Disclosure of Invention
Based on the above purpose, the invention is to construct a fully human bispecific antibody for resisting novel coronavirus variants by taking the monoclonal antibody H4D12 (Chinese patent application CN 202211732654.4) with strong neutralizing effect on wild type and Delta, BA.2, BA.2.75, BA.2.76 and other variants of the novel coronavirus and the monoclonal antibody ZW2G10 (Chinese patent application CN 202210023619.9) with strong neutralizing effect on Alpha, beta, gamma, delta, BA.1 and other variants as parent monoclonal antibodies and utilizing the characteristics of different epitopes of H4D12 and ZW2G10 antibodies.

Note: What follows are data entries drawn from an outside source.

(* For every positive integer $n$, the variety of complex $n$-dimensional nilpotent binary Leibniz algebras contains at least one rigid algebra.
   Context: An algebra is a Leibniz algebra if it satisfies $(xy)z=(xz)y+x(yz)$; it is a binary Leibniz algebra if every subalgebra generated by two elements is a Leibniz algebra; it is nilpotent if for some $m$ every product of $m$ elements (any bracketing) vanishes. The variety is the Zariski-closed set of bilinear products on a fixed $n$-dimensional complex vector space $V$ (identified with structure constants in $\mathbb{C}^{n^3}$) satisfying these conditions, with $GL(V)$ acting by $(g*\mu)(x,y)=g\mu(g^{-1}x,g^{-1}y)$. An algebra is rigid if its $GL(V)$-orbit is Zariski-open in the variety. *)

From mathcomp Require Import all_boot all_algebra.
From mathcomp Require Import complex.
From mathcomp Require Import Rstruct.
From mathcomp Require Import mpoly.

Set Implicit Arguments.
Unset Strict Implicit.
Unset Printing Implicit Defensive.

Import GRing.Theory.
Local Open Scope ring_scope.

Definition CC := complex Rdefinitions.R.

(* A bilinear product on V = C^n, given by its structure constants:
   e_i e_j = \sum_k c i j k e_k.  Vectors of V are row vectors 'rV[CC]_n. *)
Definition sconst (n : nat) := 'I_n -> 'I_n -> 'I_n -> CC.

Definition vmul (n : nat) (c : sconst n) (x y : 'rV[CC]_n) : 'rV[CC]_n :=
  \row_k \sum_(i < n) \sum_(j < n) x 0 i * y 0 j * c i j k.

Definition leibniz_id (n : nat) (c : sconst n) (a b d : 'rV[CC]_n) : Prop :=
  vmul c (vmul c a b) d = vmul c (vmul c a d) b + vmul c a (vmul c b d).

Definition is_leibniz (n : nat) (c : sconst n) : Prop :=
  forall a b d, leibniz_id c a b d.

Definition is_subalg (n : nat) (c : sconst n) (S : 'rV[CC]_n -> Prop) : Prop :=
  [/\ S 0,
      (forall u v, S u -> S v -> S (u + v)),
      (forall (a : CC) u, S u -> S (a *: u)) &
      (forall u v, S u -> S v -> S (vmul c u v))].

Definition in_gen (n : nat) (c : sconst n) (x y v : 'rV[CC]_n) : Prop :=
  forall S, is_subalg c S -> S x -> S y -> S v.

Definition binary_leibniz (n : nat) (c : sconst n) : Prop :=
  forall x y a b d, in_gen c x y a -> in_gen c x y b -> in_gen c x y d ->
    leibniz_id c a b d.

Inductive is_prod (n : nat) (c : sconst n) : nat -> 'rV[CC]_n -> Prop :=
| prod_leaf x : is_prod c 1 x
| prod_node i j x y : is_prod c i x -> is_prod c j y ->
    is_prod c (i + j) (vmul c x y).

Definition nilpotent_alg (n : nat) (c : sconst n) : Prop :=
  exists m : nat, (0 < m)%N /\ forall v, is_prod c m v -> v = 0.

Definition nbl_variety (n : nat) (c : sconst n) : Prop :=
  binary_leibniz c /\ nilpotent_alg c.

(* GL(V)-orbit: c' = g * c, (g*mu)(x,y) = g mu(g^-1 x, g^-1 y); with row
   vectors, the linear map g acts as x |-> x *m g. *)
Definition in_orbit (n : nat) (c c' : sconst n) : Prop :=
  exists g : 'M[CC]_n, g \in unitmx /\
    forall x y, vmul c' x y = vmul c (x *m invmx g) (y *m invmx g) *m g.

Definition trip (n : nat) := ('I_n * 'I_n * 'I_n)%type.
Definition nvars (n : nat) := #|{: trip n}|.

Definition coords (n : nat) (c : sconst n) : 'I_(nvars n) -> CC :=
  fun t => let: (i, j, k) := enum_val t in c i j k.

(* U is Zariski-open in P (subspace topology from C^{n^3}): U = P \ Z(F)
   for some family F of polynomials in the structure constants. *)
Definition rel_zariski_open (n : nat) (P U : sconst n -> Prop) : Prop :=
  exists F : {mpoly CC[nvars n]} -> Prop,
    forall c, U c <-> (P c /\ exists p, F p /\ p.@[coords c] != 0).

Definition rigid_in (n : nat) (P : sconst n -> Prop) (c : sconst n) : Prop :=
  rel_zariski_open P (in_orbit c).

(* The null-filiform algebra N, with e_i e_0 = e_(i+1), is rigid.  Write x^(m+1) = x^m x.
   If a nilpotent binary Leibniz algebra has an x with x^n <> 0, then x, x^2, ..., x^n is a basis:
   right multiplication R_x is nilpotent, so x^(n+1) = 0, and x is a cyclic vector of R_x.
   Binary Leibniz in the subalgebra generated by x makes every x^k, k >= 2, a right annihilator
   of it, so in this basis the product is exactly that of N.  Conversely the image of e_0 under
   an isomorphism from N has nonzero n-th power.  So the orbit of N is the set of algebras of the
   variety where some coordinate of some x^n, a polynomial in the structure constants, is nonzero. *)

From Pilot Require Import Defs.
From mathcomp Require Import all_boot all_algebra.
From mathcomp Require Import complex.
From mathcomp Require Import Rstruct.
From mathcomp Require Import mpoly.
From mathcomp Require Import zify.

Set Implicit Arguments.
Unset Printing Implicit Defensive.

Import GRing.Theory.
Local Open Scope ring_scope.

Section Krylov.
Variables (F : fieldType) (n : nat) (A : 'M[F]_n) (x : 'rV[F]_n).

Lemma mulmx_exp_eq0W {e e'} : x *m A ^+ e = 0 -> (e <= e')%N -> x *m A ^+ e' = 0.
Proof.
by move=> xAe0 le_ee'; rewrite -(subnKC le_ee') exprD -mulmxE mulmxA xAe0 mul0mx.
Qed.

Lemma krylov_row_free {k} : x *m A ^+ k != 0 -> x *m A ^+ k.+1 = 0 ->
  row_free (\matrix_(i < k.+1) (x *m A ^+ i)).
Proof.
move=> xAk_neq0 xAk1_0; apply/inj_row_free => v vK0.
have v_eq0 : forall i : 'I_k.+1,
    (forall l : 'I_k.+1, (l < i)%N -> v 0 l = 0) -> v 0 i = 0.
  move=> i v_lt; have := congr1 (mulmx^~ (A ^+ (k - i))) vK0.
  rewrite mul0mx [v *m _]mulmx_sum_row mulmx_suml (bigD1 i) //= big1 ?addr0 => [|l neq_li].
    rewrite rowK -scalemxAl -mulmxA mulmxE -exprD subnKC ?leq_ord //.
    by move/eqP; rewrite scaler_eq0 (negPf xAk_neq0) orbF => /eqP.
  rewrite rowK -scalemxAl -mulmxA mulmxE -exprD.
  case: (ltngtP l i) => [/v_lt -> | lt_il | /val_inj eq_li]; first by rewrite scale0r.
    by rewrite (mulmx_exp_eq0W xAk1_0) ?scaler0 //; have := leq_ord i; lia.
  by rewrite eq_li eqxx in neq_li.
suff v_lt : forall m (i : 'I_k.+1), (i < m)%N -> v 0 i = 0.
  by apply/rowP => i; rewrite mxE (v_lt k.+1).
elim=> // m IHm i lt_im; apply: v_eq0 => l lt_li.
exact: IHm (leq_trans lt_li lt_im).
Qed.

Lemma mulmx_exp_eq0_dim m : x *m A ^+ m = 0 -> x *m A ^+ n = 0.
Proof.
elim: m => [|m IHm] xAm0; first exact: (mulmx_exp_eq0W xAm0).
have [/IHm //|xAm_neq0] := eqVneq (x *m A ^+ m) 0.
apply: (mulmx_exp_eq0W xAm0).
have := rank_leq_col (\matrix_(i < m.+1) (x *m A ^+ i)).
by rewrite (eqP (krylov_row_free xAm_neq0 xAm0)).
Qed.
End Krylov.

Section Products.
Variables (n : nat) (c : sconst n).

Definition rmul (y : 'rV[CC]_n) : 'M[CC]_n := \matrix_(i, k) \sum_j y 0 j * c i j k.
Definition lmul (x : 'rV[CC]_n) : 'M[CC]_n := \matrix_(j, k) \sum_i x 0 i * c i j k.

Lemma vmul_rmul x y : vmul c x y = x *m rmul y.
Proof.
apply/rowP => k; rewrite !mxE; apply: eq_bigr => i _; rewrite !mxE mulr_sumr.
by apply: eq_bigr => j _; rewrite !mulrA.
Qed.

Lemma vmul_lmul x y : vmul c x y = y *m lmul x.
Proof.
apply/rowP => k; rewrite !mxE exchange_big; apply: eq_bigr => j _.
by rewrite !mxE mulr_sumr; apply: eq_bigr => i _; rewrite mulrCA !mulrA.
Qed.

Lemma leibniz_binary : is_leibniz c -> binary_leibniz c.
Proof. by move=> c_leib x y a b d _ _ _; apply: c_leib. Qed.

Lemma is_prod_pos m v : is_prod c m v -> (0 < m)%N.
Proof. by elim=> // i j x y _ IHx _ _; rewrite addn_gt0 IHx. Qed.

Lemma vmul0l y : vmul c 0 y = 0.
Proof. by rewrite vmul_rmul mul0mx. Qed.

(* [rpow m x] has m+1 factors: ((x x) x) ... x. *)
Fixpoint rpow (m : nat) (x : 'rV[CC]_n) : 'rV[CC]_n :=
  if m is m'.+1 then vmul c (rpow m' x) x else x.

Lemma rpow_rmul m x : rpow m x = x *m rmul x ^+ m.
Proof.
elim: m => [|m IHm] /=; first by rewrite expr0 mulmx1.
by rewrite IHm vmul_rmul exprSr -mulmxA mulmxE.
Qed.

Lemma is_prod_rpow m x : is_prod c m.+1 (rpow m x).
Proof.
elim: m => [|m IHm] /=; first exact: prod_leaf.
by rewrite -addn1; apply: prod_node IHm (prod_leaf _ _).
Qed.

Lemma in_gen_subalg x y : is_subalg c (in_gen c x y).
Proof.
split=> [S [] // | u v gu gv | a u gu | u v gu gv] S SS Sx Sy; have [_ SD SZ SM] := SS.
- exact: SD (gu S SS Sx Sy) (gv S SS Sx Sy).
- exact: SZ (gu S SS Sx Sy).
- exact: SM (gu S SS Sx Sy) (gv S SS Sx Sy).
Qed.

Lemma in_gen_l x y : in_gen c x y x.
Proof. by move=> S _ Sx. Qed.

Lemma in_gen_rpow m x : in_gen c x x (rpow m x).
Proof.
elim: m => [|m IHm] /=; first exact: in_gen_l.
by case: (in_gen_subalg x x) => _ _ _; apply.
Qed.

(* Inside the subalgebra generated by x, the Leibniz identity (ax)x = (ax)x + a(xx) kills a x^2,
   and (ap)x = (ax)p + a(px) propagates this from p to px. *)
Lemma vmul_rpowS_eq0 : binary_leibniz c ->
  forall m a x, in_gen c x x a -> vmul c a (rpow m.+1 x) = 0.
Proof.
move=> c_bl; elim=> [|m IHm] a x ga.
  have := c_bl x x a x x ga (in_gen_l x x) (in_gen_l x x).
  by rewrite /leibniz_id /= -[X in X = _]addr0 => /addrI <-.
have := c_bl x x a (rpow m.+1 x) x ga (in_gen_rpow _ _) (in_gen_l x x).
rewrite /leibniz_id IHm // vmul0l IHm ?add0r //.
by case: (in_gen_subalg x x) => _ _ _; apply=> //; exact: in_gen_l.
Qed.

End Products.

Lemma in_orbit_intro n (c0 c : sconst n) (g : 'M[CC]_n) : g \in unitmx ->
  (forall a b, vmul c (a *m g) (b *m g) = vmul c0 a b *m g) -> Defs.in_orbit c0 c.
Proof.
move=> g_unit gM; exists g; split=> // x y.
by rewrite -gM !mulmxKV.
Qed.

Section OrbitTransport.
Variables (n : nat) (c0 c : sconst n) (g : 'M[CC]_n).
Hypotheses (g_unit : g \in unitmx)
  (c_def : forall x y, vmul c x y = vmul c0 (x *m invmx g) (y *m invmx g) *m g).

Lemma vmul_transport x y :
  vmul c x y *m invmx g = vmul c0 (x *m invmx g) (y *m invmx g).
Proof. by rewrite c_def mulmxK. Qed.

Lemma rpow_transport m x : rpow c m x *m invmx g = rpow c0 m (x *m invmx g).
Proof. by elim: m => //= m IHm; rewrite vmul_transport IHm. Qed.

Lemma is_prod_transport m v : is_prod c m v -> is_prod c0 m (v *m invmx g).
Proof.
elim=> [x | i j x y _ IHx _ IHy]; first exact: prod_leaf.
by rewrite vmul_transport; apply: prod_node.
Qed.

Lemma leibniz_transport : is_leibniz c0 -> is_leibniz c.
Proof.
move=> c0_leib a b d; apply: (can_inj (mulmxKV g_unit)).
by rewrite /= mulmxDl !vmul_transport; apply: c0_leib.
Qed.

Lemma nilpotent_transport : nilpotent_alg c0 -> nilpotent_alg c.
Proof.
case=> m [m_gt0 c0_nil]; exists m; split=> // v /is_prod_transport /c0_nil v0.
by rewrite -(mulmxKV g_unit v) v0 mul0mx.
Qed.

End OrbitTransport.

Section NullFiliform.
Variable n' : nat.
Local Notation n := n'.+1.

The invention firstly provides a fully human bispecific antibody of an anti-novel coronavirus variant, which consists of two polypeptide chains and two monoclonal antibody light chains, wherein the polypeptide chains are defined as being formed by connecting a monoclonal antibody heavy chain and a single chain antibody in series, the monoclonal antibody heavy chain and the monoclonal antibody light chain are from the same female parent monoclonal antibody, and in the bispecific antibody of the invention, the monoclonal antibody heavy chain and the monoclonal antibody light chain from the same female parent monoclonal antibody form a first antigen recognition region. The single chain antibody refers to a monovalent antibody form formed by connecting an antibody heavy chain variable region and a light chain variable region in series; in the bispecific antibody of the present invention, the single chain antibody heavy chain variable region and the single chain antibody light chain variable region constitute a second antigen recognition region; in the present invention, a complete bispecific antibody comprises two first antigen recognition regions and two second antigen recognition regions.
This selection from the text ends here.